Он заговорил об Энцио и Староссове. Он сказал, что они принадлежат к тем многочисленным молодым немцам, для которых внешняя мощь и неодолимость их народа стали догмой. И потому поражение оказалось для них таким страшным ударом, что они пока не способны примириться с судьбой, не видят ее величия и благородства. А между тем великой и благородной может быть и судьба побежденного: не в счастье, а в беде проявляется истинная ценность и истинное достоинство народа. Победителю выпадает на долю бремя внешнего преодоления войны, побежденному же надлежит преодолеть ее внутренне – триумф чисто духовного свойства, но триумф! И надо протянуть руку и взять этот триумф, а для этого необходимы религиозные силы, ибо лишь перед Богом – не перед людьми – великий народ может явить смирение, необходимое для достижения этой внутренней победы. Религиозных же сил этих, – а речь может идти лишь о христианстве, – уже почти не осталось, а там, где они еще есть, их оттеснили в сторону другие силы, страстно добивающиеся другого преодоления судьбы. Мой опекун не назвал этих сил, но я уже мысленно видела потрясающие своды шпейерского собора, как будто мой опекун в тот день каким-то образом подслушал наш с Энцио разговор.

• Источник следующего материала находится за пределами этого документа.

Lemma Wpoly_jump m : Wpoly m.+1 = 2%:R * jump_gf m.
Proof.
have first_diner b : \sum_(t : m.-tuple bool) 'X^(nuW m.+1 (b :: t)) = jump_gf m.
  rewrite /jump_gf -(loss_gf_relabel m true m b); apply: eq_bigr => t _.
  by rewrite nuW_cons // size_tuple.
rewrite /Wpoly (sum_tuple_cons (fun s => 'X^(nuW m.+1 s))) big_bool.
by rewrite !first_diner mulr_natl mulr2n.
Qed.

Lemma jump_gf_rec m : jump_gf m.+2 = 2%:R * jump_gf m + 2%:R * 'X * step_gf m.
Proof.
rewrite /jump_gf /step_gf loss_gf_cons // big_bool /= subn2 /= -(addn1 m).
by rewrite !loss_gf_surplus expr0 expr1 mul1r mulrA [_ * 2%:R]mulrC.
Qed.

Lemma step_gf_rec m : step_gf m.+1 = jump_gf m + step_gf m.
Proof.
case: m => [|m]; first by rewrite /jump_gf /step_gf !loss_gf_short.
by rewrite /jump_gf /step_gf loss_gf_cons // big_bool /= subn1 !expr0 !mul1r.
Qed.

Theorem proposition2 (n : nat) (hn : (4 <= n)%N) :
  Wpoly n = Wpoly (n - 1)%N + 2%:R * Wpoly (n - 2)%N + 2%:R * ('X - 1) * Wpoly (n - 3)%N.
Proof.
case: n hn => [|[|[|[|m]]]] // _.
rewrite !subSS !subn0 !Wpoly_jump !jump_gf_rec step_gf_rec.
ring.
Qed.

Он заметил мой испуг, потому что вдруг прервал себя со словами:
– Ах, мне так жаль, что я вынужден был сказать вам все это! У меня при этом было такое ощущение, как будто я поймал маленькую птицу, прямо на лету, внезапно прервав ее блаженно-безмятежный полет, и слышу, как испуганно бьется ее сердце в моей руке. Но это и в самом деле было необходимо, поскольку вы не созданы для душевного одиночества, которое грозит как раз тем, кто, в отличие от Староссова, не позволяет отнимать у себя свое лицо. Но обратимся теперь к другой стороне вещей, – продолжил он утешительно, – о которой я тоже не могу умолчать.
У моего опекуна всегда была наготове еще и «другая сторона», как на лекциях; он никогда не ограничивался только одной стороной. Он опять заговорил о своем собственном отношении к Энцио, о том, что это самый талантливый из его учеников и надежда всей его науки, которая, как и вся западная культура, в значительной мере зиждется на элементах христианства: они содержатся в каждом ее произведении искусства и в каждой из ее философских систем, борющихся с христианством.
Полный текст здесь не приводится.